PETALING JAYA: Os grandes cães continuaram a cair. Primeiro, foi a Alemanha, tetracampeã. Depois, a Holanda, três vezes finalista. E, mais cedo hoje, o maior cão de todos, raça campeã e pentacampeã, o Brasil.

Derrotados por um guerreiro viking e saindo com um rosnado. Mas um treinador alemão encontrou o espírito de buldogue em Inglaterra para planear uma sobrevivência épica.

Os presságios eram sinistros. Os azarões tinham o momentum nesta Copa do Mundo e Inglaterra tinha simplesmente de ser o próximo. Inglaterra encontra sempre uma maneira de perder.

Com sorte para vencer a RD Congo e evitar um dos seus maiores desastres futebolísticos, também tiveram sorte para vencer o Gana. Pouco convincentes contra o modesto Panamá, só foram decentes durante uma meia hora de brilho contra a Croácia.

Instáveis na defesa, dependentes de Harry Kane no ataque, com jogadores criativos deixados em casa, perguntávamo-nos porque é que os seus adeptos pagavam milhares para ir vê-los jogar.

Se o jogo contra o Congo já nos tinha levado a escrever sobre os grandes desastres de Inglaterra até ao minuto 76, este seria diferente.

Perder para o México no Azteca não é nada de que nos envergonharmos, mas estava a ficar cada vez mais difícil vislumbrar uma vitória inglesa.
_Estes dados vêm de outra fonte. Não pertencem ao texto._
(* A strongly regular graph with parameters $(76,30,8,14)$ does not contain a $16$-coclique (a set of $16$ pairwise non-adjacent vertices) as an induced subgraph.
   Context: A graph is strongly regular with parameters $(v,k,\lambda,\mu)$ if it has $v$ vertices, is $k$-regular, adjacent vertices have exactly $\lambda$ common neighbours and distinct non-adjacent vertices have exactly $\mu$ common neighbours. *)

From mathcomp Require Import all_boot.
Set Implicit Arguments. Unset Strict Implicit. Unset Printing Implicit Defensive.

Definition simple_graph (T : finType) (e : rel T) : Prop :=
  (forall x y, e x y = e y x) /\ (forall x, ~~ e x x).

Definition srg (T : finType) (e : rel T) (v k lam mu : nat) : Prop :=
  [/\ simple_graph e,
      #|T| = v,
      (forall x, #|[set y | e x y]| = k),
      (forall x y, e x y -> #|[set z | e x z && e y z]| = lam) &
      (forall x y, x != y -> ~~ e x y -> #|[set z | e x z && e y z]| = mu)].

Definition coclique (T : finType) (e : rel T) (S : {set T}) : Prop :=
  forall x y, x \in S -> y \in S -> ~~ e x y.

From mathcomp Require Import all_boot all_order all_algebra.
From mathcomp Require Import ring zify.
Import Order.TTheory GRing.Theory Num.Theory.
Set Implicit Arguments. Unset Strict Implicit. Unset Printing Implicit Defensive.

(** The eigenvalues of A are 30, 2 and -8, so 16 = 76 * 8 / 38 is the Hoffman
bound and S is extremal: over the 60 vertices outside S the number of
neighbours in S has mean 8 and mean square 64, hence is constantly 8.  On these
outer vertices, with T counting common neighbours in S, the matrix
Q = 12 I - 6 A - 3 T + 14 J satisfies Q^2 = 60 Q and Q_xx = 2; positivity of
the resulting sums of squares and Q = 2 (mod 3) leave only the entries 2 and
-1, so Q_xz = 2 is an equivalence relation with classes of 20 vertices.  A
class C induces a 2-regular triangle-free graph, and the +-1 vectors
s_x = (2 A_xp - 1)_(p in S), x in C, have Gram matrix 16 I - 8 A_C.  The S x S
matrix K = s^T (4 I + A_C) s has trace 960, zero row sums and
sum K_pq^2 <= 61440, which forces K = 64 I - 4 J.  But K_pp = 60 says that the
edges of C avoiding the neighbourhood of p number (2m - 15)/2, where m is the
number of non-neighbours of p in C. *)

Local Open Scope ring_scope.

Definition b2z (b : bool) : int := if b then 1 else 0.

Lemma b2zM b c : b2z b * b2z c = b2z (b && c).
Proof. by case: b; case: c. Qed.

Lemma b2zK b : b2z b * b2z b = b2z b.
Proof. by rewrite b2zM andbb. Qed.

Lemma b2z_ge0 b : 0 <= b2z b.
Proof. by case: b. Qed.

Lemma card_set_b2z (T : finType) (P : pred T) :
  (#|[set z | P z]|%:R : int) = \sum_z b2z (P z).
Proof.
rewrite -sum1_card natr_sum big_mkcond /=; apply: eq_bigr => i _.
by rewrite inE; case: (P i).
Qed.

Lemma sum_sym_diag0_even (T : finType) (f : T -> T -> int) :
  (forall x z, f x z = f z x) -> (forall x, f x x = 0) ->
  exists M, \sum_x \sum_z f x z = 2 * M.
Proof.
move=> fC f0; pose r (x z : T) := b2z (enum_rank x < enum_rank z)%N.
exists (\sum_x \sum_z r x z * f x z).
have split_r x z : f x z = r x z * f x z + r z x * f x z.
  rewrite /r; case: (ltngtP (enum_rank x) (enum_rank z)) => h /=.
  - by rewrite mul1r mul0r addr0.
  - by rewrite mul1r mul0r add0r.
  - by rewrite (enum_rank_inj (val_inj h)) f0 mul0r addr0.
rewrite (eq_bigr (fun x => \sum_z (r x z * f x z + r z x * f x z))); last first.
  by move=> x _; apply: eq_bigr => z _; apply: split_r.
rewrite (eq_bigr (fun x => \sum_z r x z * f x z + \sum_z r z x * f x z)); last first.
  by move=> x _; rewrite big_split.
rewrite big_split /= [X in _ + X]exchange_big /=.
have -> : \sum_z \sum_x r z x * f x z = \sum_x \sum_z r x z * f x z.
  by apply: eq_bigr => x _; apply: eq_bigr => z _; rewrite fC.
by rewrite mulr2n mulrDl mul1r.
Qed.

Lemma sumr_wsq_ge0 (R : realDomainType) (I : finType) (w f : I -> R) :
  (forall i, 0 <= w i) -> 0 <= \sum_i w i * f i ^+ 2.
Proof. by move=> w_ge0; apply: sumr_ge0 => i _; rewrite mulr_ge0 ?sqr_ge0. Qed.

Lemma sumr_wsq_eq0 (R : realDomainType) (I : finType) (w f : I -> R) :
  (forall i, 0 <= w i) -> \sum_i w i * f i ^+ 2 = 0 ->
  forall i, w i != 0 -> f i = 0.
Proof.
move=> w_ge0 sum0 i wi0.
have /(_ i isT)/eqP := psumr_eq0P (fun j _ => mulr_ge0 (w_ge0 j) (sqr_ge0 (f j))) sum0.
by rewrite mulf_eq0 (negbTE wi0) sqrf_eq0 /= => /eqP.
Qed.

Lemma mulr_sum_sum (R : pzSemiRingType) (I J : finType) (f : I -> R) (g : J -> R) :
  (\sum_i f i) * (\sum_j g j) = \sum_i \sum_j f i * g j.
Proof. by rewrite mulr_suml; apply: eq_bigr => i _; rewrite mulr_sumr. Qed.

Lemma sum_mul_lincomb (R : comRingType) (I J : finType) (w : J -> R)
    (s : I -> J -> R) (a b : I -> R) :
  \sum_j w j * (\sum_i a i * s i j) * (\sum_i b i * s i j) =
  \sum_i \sum_k a i * b k * \sum_j w j * s i j * s k j.
Proof.
transitivity (\sum_j \sum_i \sum_k w j * (a i * s i j) * (b k * s k j)).
  apply: eq_bigr => j _; rewrite -mulrA mulr_sum_sum mulr_sumr.
  by apply: eq_bigr => i _; rewrite mulr_sumr; apply: eq_bigr => k _; rewrite mulrA.
rewrite exchange_big; apply: eq_bigr => i _ /=.
rewrite exchange_big; apply: eq_bigr => k _ /=.
by rewrite mulr_sumr; apply: eq_bigr => j _; ring.
Qed.

Section CocliqueInSRG.
Variables (T : finType) (e : rel T) (S : {set T}).
Hypothesis e_sym : forall x y, e x y = e y x.
Hypothesis e_irr : forall x, ~~ e x x.
Hypothesis card_T : #|T| = 76%N.
Hypothesis deg : forall x, #|[set y | e x y]| = 30%N.
Hypothesis lam : forall x y, e x y -> #|[set z | e x z && e y z]| = 8%N.
Hypothesis mu : forall x y, x != y -> ~~ e x y -> #|[set z | e x z && e y z]| = 14%N.
Hypothesis card_S : #|S| = 16%N.
Hypothesis S_coclique : coclique e S.

Definition adj x y := b2z (e x y).
Definition inS y := b2z (y \in S).
Definition outS y := 1 - inS y.
Definition delta (x y : T) := b2z (x == y).

Lemma adjC x y : adj x y = adj y x. Proof. by rewrite /adj e_sym. Qed.
Lemma adj_diag x : adj x x = 0. Proof. by rewrite /adj (negbTE (e_irr x)). Qed.
Lemma adjK x y : adj x y * adj x y = adj x y. Proof. exact: b2zK. Qed.
Lemma deltaC x y : delta x y = delta y x. Proof. by rewrite /delta eq_sym. Qed.
Lemma inSK y : inS y * inS y = inS y. Proof. exact: b2zK. Qed.

Lemma outS_b2z x : outS x = b2z (x \notin S).
Proof. by rewrite /outS /inS; case: (x \in S). Qed.

Lemma outS_ge0 x : 0 <= outS x.
Proof. by rewrite outS_b2z b2z_ge0. Qed.

Lemma outS_out x : x \notin S -> outS x = 1.
Proof. by move=> xS; rewrite outS_b2z xS. Qed.

Lemma sum_adj x : \sum_z adj x z = 30.
Proof. by rewrite -card_set_b2z deg. Qed.

(* The strongly regular identity A^2 = 30 I + 8 A + 14 (J - I - A). *)
Lemma sum_adj_adj x y : \sum_z adj x z * adj y z = 16 * delta x y - 6 * adj x y + 14.
Proof.
rewrite (eq_bigr (fun z => b2z (e x z && e y z))); last by move=> z _; rewrite b2zM.
rewrite -card_set_b2z /delta /adj; case: (eqVneq x y) => [<-|nxy].
  rewrite (negbTE (e_irr x)).
  have -> : [set z | e x z && e x z] = [set z | e x z].
    by apply/setP => z; rewrite !inE andbb.
  by rewrite deg.
by case exy: (e x y); [rewrite lam | rewrite mu // exy].
Qed.

Lemma sum_inS : \sum_y inS y = 16.
Proof.
rewrite -card_set_b2z -[16]/(16%N%:R); congr (_%:R).
by rewrite -[RHS]card_S; apply: eq_card => y; rewrite inE.
Qed.

Lemma sum_outS : \sum_y outS y = 60.
Proof. by rewrite sumrB sumr_const card_T sum_inS. Qed.

Lemma sum_delta_l x (f : T -> int) : \sum_z delta x z * f z = f x.
Proof.
rewrite (bigD1 x) //= /delta eqxx mul1r big1 ?addr0 // => z /negbTE.
by rewrite eq_sym => ->; rewrite mul0r.
Qed.

Lemma sum_delta_r x (f : T -> int) : \sum_z delta z x * f z = f x.
Proof. by rewrite -(sum_delta_l x f); apply: eq_bigr => z _; rewrite deltaC. Qed.

Lemma inS_adj y z : inS y * inS z * adj y z = 0.
Proof.
rewrite /inS /adj; case yS: (y \in S); case zS: (z \in S); rewrite ?mul0r ?mulr0 //.
by rewrite (negbTE (S_coclique yS zS)).
Qed.

Definition nbS x := \sum_y inS y * adj x y.

Lemma inS_nbS x : inS x * nbS x = 0.
Proof. by rewrite /nbS mulr_sumr big1 // => y _; rewrite mulrA inS_adj. Qed.

Lemma sum_outS_adj y : \sum_x outS x * adj y x = 30 - nbS y.
Proof. by rewrite /nbS -(sum_adj y) -sumrB; apply: eq_bigr => x _; rewrite /outS; ring. Qed.

Lemma sum_outS_nbS : \sum_x outS x * nbS x = 480.
Proof.
transitivity (\sum_y inS y * \sum_x outS x * adj y x).
  rewrite (eq_bigr (fun x => \sum_y outS x * (inS y * adj x y))); last first.
    by move=> x _; rewrite mulr_sumr.
  rewrite exchange_big /=; apply: eq_bigr => y _; rewrite mulr_sumr.
  by apply: eq_bigr => x _; rewrite adjC; ring.
rewrite (eq_bigr (fun y => 30 * inS y - inS y * nbS y)); last first.
  by move=> y _; rewrite sum_outS_adj; ring.
by rewrite sumrB -mulr_sumr sum_inS big1 ?subr0 // => y _; rewrite inS_nbS.
Qed.

Definition comS x z := \sum_y inS y * adj x y * adj z y.

Lemma comSC x z : comS x z = comS z x.
Proof. by apply: eq_bigr => y _; ring. Qed.

Lemma comS_diag x : comS x x = nbS x.
Proof. by apply: eq_bigr => y _; rewrite -mulrA adjK. Qed.

Lemma inS_comS y y' : inS y * comS y y' = 0.
Proof.
rewrite /comS mulr_sumr big1 // => z _.
transitivity ((inS y * inS z * adj y z) * adj y' z); first ring.
by rewrite inS_adj mul0r.
Qed.

Lemma sum_outS_adj_adj y y' :
  \sum_x outS x * adj y x * adj y' x = 16 * delta y y' - 6 * adj y y' + 14 - comS y y'.
Proof. by rewrite -sum_adj_adj -sumrB; apply: eq_bigr => x _; rewrite /outS; ring. Qed.

Lemma inS_sum_outS_adj_adj y y' :
  inS y * inS y' * \sum_x outS x * adj y x * adj y' x =
  16 * (delta y y' * (inS y * inS y')) + 14 * (inS y * inS y').
Proof.
rewrite sum_outS_adj_adj.
transitivity (16 * (delta y y' * (inS y * inS y')) - 6 * (inS y * inS y' * adj y y')
  + 14 * (inS y * inS y') - inS y' * (inS y * comS y y')); first ring.
by rewrite inS_adj inS_comS !mulr0 !subr0.
Qed.

Lemma sum_outS_nbS2 : \sum_x outS x * nbS x ^+ 2 = 3840.
Proof.
transitivity (\sum_y \sum_y' inS y * inS y' * \sum_x outS x * adj y x * adj y' x).
  rewrite -sum_mul_lincomb; apply: eq_bigr => x _.
  rewrite /nbS (eq_bigr (fun y => inS y * adj y x)) => [|y _]; last by rewrite adjC.
  by rewrite expr2 mulrA.
rewrite (eq_bigr (fun y => 16 * inS y + 14 * 16 * inS y)).
  by rewrite big_split /= -!mulr_sumr sum_inS.
move=> y _; rewrite (eq_bigr _ (fun y' _ => inS_sum_outS_adj_adj y y')).
rewrite big_split /= -!mulr_sumr sum_delta_l inSK sum_inS; ring.
Qed.

Lemma nbS_out x : x \notin S -> nbS x = 8.
Proof.
move=> xS; apply/eqP; rewrite -subr_eq0; apply/eqP.
apply: (@sumr_wsq_eq0 _ _ outS (fun z => nbS z - 8) outS_ge0 _ x); last by rewrite outS_out.
rewrite (eq_bigr (fun x => outS x * nbS x ^+ 2 - 16 * (outS x * nbS x) + 64 * outS x)).
  by rewrite big_split /= sumrB -!mulr_sumr sum_outS_nbS2 sum_outS_nbS sum_outS.
by move=> z _; ring.
Qed.

Lemma inS_delta x y : x \notin S -> inS y * delta x y = 0.
Proof.
move=> xS; rewrite /inS /delta; case: (eqVneq x y) => [<-|_]; last by rewrite mulr0.
by rewrite (negbTE xS) mul0r.
Qed.

Lemma sum_outS_delta x (f : T -> int) : x \notin S -> \sum_z outS z * delta x z * f z = f x.
Proof.
move=> xS; rewrite (eq_bigr (fun z => delta x z * (outS z * f z))) => [|z _]; last by ring.
by rewrite sum_delta_l outS_out // mul1r.
Qed.

Lemma sum_outS_adj_out x : x \notin S -> \sum_z outS z * adj x z = 22.
Proof. by move=> xS; rewrite sum_outS_adj nbS_out. Qed.

Lemma sum_outS_comS_out x : x \notin S -> \sum_z outS z * comS x z = 240.
Proof.
move=> xS; transitivity (\sum_y inS y * adj x y * \sum_z outS z * adj y z).
  rewrite /comS; transitivity (\sum_z \sum_y outS z * (inS y * adj x y * adj z y)).
    by apply: eq_bigr => z _; rewrite mulr_sumr.
  rewrite exchange_big; apply: eq_bigr => y _ /=; rewrite mulr_sumr.
  by apply: eq_bigr => z _; rewrite (adjC z y); ring.
transitivity (\sum_y 30 * (inS y * adj x y)).
  apply: eq_bigr => y _; rewrite sum_outS_adj.
  transitivity (30 * (inS y * adj x y) - adj x y * (inS y * nbS y)); first ring.
  by rewrite inS_nbS mulr0 subr0.
by rewrite -mulr_sumr -/(nbS x) nbS_out.
Qed.

Section OuterPair.
Variables x w : T.
Hypotheses (xS : x \notin S) (wS : w \notin S).

Lemma sum_outS_adj_comS : \sum_z outS z * adj x z * comS w z = -6 * comS x w + 112.
Proof.
transitivity (\sum_y inS y * adj w y * \sum_z outS z * adj x z * adj y z).
  rewrite /comS; transitivity (\sum_z \sum_y outS z * adj x z * (inS y * adj w y * adj z y)).
    by apply: eq_bigr => z _; rewrite mulr_sumr.
  rewrite exchange_big; apply: eq_bigr => y _ /=; rewrite mulr_sumr.
  by apply: eq_bigr => z _; rewrite (adjC z y); ring.
transitivity (\sum_y (-6 * (inS y * adj x y * adj w y) + 14 * (inS y * adj w y))).
  apply: eq_bigr => y _; rewrite sum_outS_adj_adj.
  transitivity (16 * adj w y * (inS y * delta x y) - adj w y * (inS y * comS y x)
    - 6 * (inS y * adj x y * adj w y) + 14 * (inS y * adj w y)); first by rewrite (comSC y x); ring.
  by rewrite inS_delta // inS_comS; ring.
by rewrite big_split /= -!mulr_sumr -/(nbS w) nbS_out.
Qed.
Raul Jimenez marca da marca de grande penalidade no minuto 69 para reduzir a vantagem de Inglaterra para 3-2 no jogo que foi adiado devido a condições meteorológicas extremas. (Foto AFP)

Quando o sorteio foi feito, a perspetiva de defrontar o México por um lugar nos quartos de final parecia aliciante. Inglaterra tinha vencido seis dos seus nove encontros.

Inglaterra está classificada 10 lugares acima dos anfitriões. Segundo o Fotmob, 21 jogadores da seleção inglesa valem mais do que o melhor mexicano. No papel, Inglaterra era a favorita.

Mas enquanto os Três Leões apenas tinham rugido brevemente, os anfitriões estavam a voar. Venceram todos os seus jogos e não sofreram nenhum golo.

Diante dos seus próprios adeptos, sempre foram formidáveis. Agora pareciam invencíveis.

O Estádio Azteca sempre foi intimidante. Agora é aterrorizante.

Depois há a altitude – 2.240 metros. Os especialistas dizem que os atletas precisam de três semanas para se adaptarem. Inglaterra teria 48 horas.

Nunca no seu melhor com o calor, e com o fantasma de Diego Maradona ainda a assombrá-los, as probabilidades mudaram. Inglaterra já não era a favorita, segundo muitos bons observadores.

Inglaterra tinha uma fraqueza no lateral direito; a estrela do México, Julian Quinones, é um extremo esquerdo. Ele estaria a lamber os beiços.

Dois dos melhores jogadores de Inglaterra, Declan Rice e Bukayo Saka, estavam longe de estar em forma. Podíamos continuar: os sinais de derrota continuavam a acumular-se.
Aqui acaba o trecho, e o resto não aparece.